So, the other day, I got this real hankering for something straightforward, something that just hits the spot without any fuss. And what came to mind? Tacos de papas. Yep, good old potato tacos. It’s one of those things I whip up when I want comfort food that doesn’t require a culinary degree.

First things first, I went to the pantry and grabbed about four decent-sized potatoes. Nothing fancy, just your regular russets. Gave ’em a good scrub under the tap because, you know, dirt. Then I chopped them into big chunks – skins on, I don’t mind them, and they boil quicker this way, I think. Threw them into a pot, covered ’em with water, added a pinch of salt, and set that on the stove to boil. Had to wait until they were super tender, like, a fork goes in with zero effort.
While the potatoes were doing their thing, I rummaged around for the other bits. Corn tortillas, of course. Got my cheese grater out for some Monterey Jack – though cheddar works fine too, whatever you’ve got. I also decided I’d need some shredded lettuce and a bit of salsa for serving. Basic stuff.
Getting the Filling Ready
Once those potatoes were soft, I drained them real well. Dumped them into a big bowl. Then I just started mashing. I don’t go for perfectly smooth; a few lumps give it character, I say. Added a good knob of butter – makes everything better, right? Then a splash of milk to make it a bit creamy. Seasoning is key here. Salt, plenty of black pepper. Sometimes I throw in garlic powder or a bit of cumin, but this time I kept it simple. Stirred all that together until it was a nice, fluffy, seasoned mash.
Next up, the tortillas. I warmed them up a bit on a dry skillet, just a few seconds on each side. You want them pliable so they don’t crack when you fold ’em. Then I took a tortilla, spooned a good dollop of the potato mixture onto one half, spread it out a little, and folded the other half over. Didn’t overstuff them, learned that lesson the hard way – they just burst open in the pan.
Frying Time!
Alright, frying. I got my trusty skillet out again, poured in some vegetable oil – maybe about half an inch deep. Got that oil nice and hot. You can tell it’s ready when you drop a tiny piece of tortilla in and it sizzles right away. Carefully, I laid a few of those potato-filled tacos into the hot oil. Didn’t crowd the pan, just two or three at a time.

Let them fry for a few minutes on each side. I was aiming for that beautiful golden-brown color and a crispy shell. You gotta keep an eye on them; they can go from golden to burnt pretty quick. Used a spatula to flip them. Once they looked perfect, I fished them out and laid them on a plate lined with paper towels. You have to drain that excess oil, otherwise they’re just greasy.
Repeated that process until all my potato filling was used up. Made a pretty decent stack of tacos, I tell ya.

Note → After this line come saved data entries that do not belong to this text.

(* For every single-elimination tournament $\mathcal{T}$ with $n$ players and every scoring system $\sigma$ of $\mathcal{T}$, we have $\dim(\mathcal{T},\sigma)\le n-1$.
   Context: A single-elimination tournament is a finite directed graph $\mathcal{T}$ such that: (a) $\mathcal{T}$ has exactly one sink (vertex with no out-neighbours); (b) every non-sink vertex has exactly one out-neighbour; (c) $\mathcal{T}$ has no directed cycles; (d) $|N^-(v)|\ne 1$ for every vertex $v$, where $N^-(v)$ denotes the set of in-neighbours of $v$. The players $P(\mathcal{T})$ are the sources (vertices with no in-neighbours) and the matches are $M(\mathcal{T})=V(\mathcal{T})\setminus P(\mathcal{T})$. A bracket is a function $B:V(\mathcal{T})\to P(\mathcal{T})$ with $B(a)=a$ for every player $a$ and $B(x)\in\{B(u):u\in N^-(x)\}$ for every match $x$. A scoring system is any function $\sigma:M(\mathcal{T})\to\mathbb{R}_{>0}$. For brackets $B,B'$ let $\mathrm{score}_\sigma(B,B')=\sum_{x\in M(\mathcal{T}):\,B(x)=B'(x)}\sigma(x)$. A set of brackets $\mathcal{B}$ is $\sigma$-resolving if for every pair of distinct brackets $B\ne B'$ there is $B_i\in\mathcal{B}$ with $\mathrm{score}_\sigma(B_i,B)\ne\mathrm{score}_\sigma(B_i,B')$. $\dim(\mathcal{T},\sigma)$ denotes the minimum size of a $\sigma$-resolving set. *)

From HB Require Import structures.
From mathcomp Require Import all_boot all_order all_algebra.
From mathcomp Require Import reals.
Set Implicit Arguments. Unset Strict Implicit. Unset Printing Implicit Defensive.
Import Order.TTheory GRing.Theory Num.Theory.

Section Tournament.
Variable V : finType.
Variable e : rel V.

Definition out_nbrs (v : V) : {set V} := [set u | e v u].
Definition in_nbrs (v : V) : {set V} := [set u | e u v].

Definition is_sink (v : V) : bool := out_nbrs v == set0.

Definition acyclic_graph : Prop := forall u v, e u v -> ~~ connect e v u.

Definition single_elim_tournament : Prop :=
  [/\ #|[set v | is_sink v]| = 1,
      (forall v, ~~ is_sink v -> #|out_nbrs v| = 1),
      acyclic_graph
    & (forall v, #|in_nbrs v| != 1)].

Definition is_player (v : V) : bool := in_nbrs v == set0.
Definition is_match (v : V) : bool := ~~ is_player v.

Definition players : {set V} := [set v | is_player v].

Definition is_bracket (B : {ffun V -> V}) : Prop :=
  [/\ (forall v, is_player (B v)),
      (forall a, is_player a -> B a = a)
    & (forall x, is_match x -> exists2 u, u \in in_nbrs x & B x = B u)].

Variable R : realType.
Local Open Scope ring_scope.

Definition scoring_system (sigma : V -> R) : Prop :=
  forall x, is_match x -> 0 < sigma x.

Definition score (sigma : V -> R) (B B' : {ffun V -> V}) : R :=
  \sum_(x | is_match x && (B x == B' x)) sigma x.

Definition resolving (sigma : V -> R) (S : {set {ffun V -> V}}) : Prop :=
  (forall Bi, Bi \in S -> is_bracket Bi) /\
  forall B B', is_bracket B -> is_bracket B' -> B != B' ->
    exists2 Bi, Bi \in S & score sigma Bi B != score sigma Bi B'.

End Tournament.

From HB Require Import structures.
From mathcomp Require Import all_boot all_order all_algebra.
From mathcomp Require Import reals.
Set Implicit Arguments. Unset Strict Implicit. Unset Printing Implicit Defensive.
Import Order.TTheory GRing.Theory Num.Theory.

(* For a player p let [champion p] be the bracket in which p wins every match it
   can reach and every other match follows a fixed default bracket; the n - 1
   champion brackets of the players other than a fixed p0 are resolving.
   Given brackets B <> B', take a match x where they differ but agree at every
   earlier match.  On the way from x to the sink, [champion (B x)] never agrees
   with B' and [champion (B' x)] never agrees with B; at every other match where B
   and B' differ, both champion brackets follow the default bracket.  Hence the
   score difference for B versus B' is strictly larger under [champion (B x)] than
   under [champion (B' x)], so one of the two separates B from B'.  If p0 is B x or
   B' x, then either every disagreement lies after x, and the other champion alone
   separates, or there is a second such minimal x', out of reach of p0. *)

Definition functional (V : finType) (e : rel V) :=
  forall u v w, e u v -> e u w -> v = w.

Section Digraph.
Variables (V : finType) (e : rel V).

Lemma connect_first_arc a b :
  connect e a b -> a != b -> exists2 v, e a v & connect e v b.
Proof.
move=> /connectP [[|v s] /= ab ->]; first by rewrite eqxx.
case/andP: ab => av vs _; exists v => //.
by apply/connectP; exists s.
Qed.

Lemma connect_last_arc a b :
  connect e a b -> a != b -> exists2 w, connect e a w & e w b.
Proof.
move=> /connectP [s]; elim/last_ind: s => [|s w _] /=; first by move=> _ ->; rewrite eqxx.
rewrite rcons_path last_rcons => /andP [as_ sw] -> _.
by exists (last a s) => //; apply/connectP; exists s.
Qed.

Lemma player_connect p a : is_player e a -> connect e p a -> p = a.
Proof.
move=> /eqP a_source pa; apply/eqP; apply: contraT => npa.
have [w _ wa] := connect_last_arc pa npa.
have : w \in in_nbrs e a by rewrite inE.
by rewrite a_source inE.
Qed.

Lemma arc_is_match w x : e w x -> is_match e x.
Proof. by move=> wx; apply/set0Pn; exists w; rewrite inE. Qed.

Hypothesis acyc : acyclic_graph e.

Lemma arc_neq u v : e u v -> u != v.
Proof. by move=> uv; apply: contraNneq (acyc uv) => ->; exact: connect0. Qed.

The Best Part: Eating Them
And then, the moment of truth. Topped them with a generous handful of shredded lettuce, a sprinkle of that Monterey Jack cheese, and a spoonful of my favorite store-bought salsa. Some folks like crema or sour cream, which is great too, but I was out.
Let me tell you, they were delicious. Crispy on the outside, soft and savory potato on the inside. So simple, but so satisfying. It’s not gourmet, it’s not fancy, but sometimes, that’s exactly what you need. A good, honest, homemade meal. Definitely making these again soon.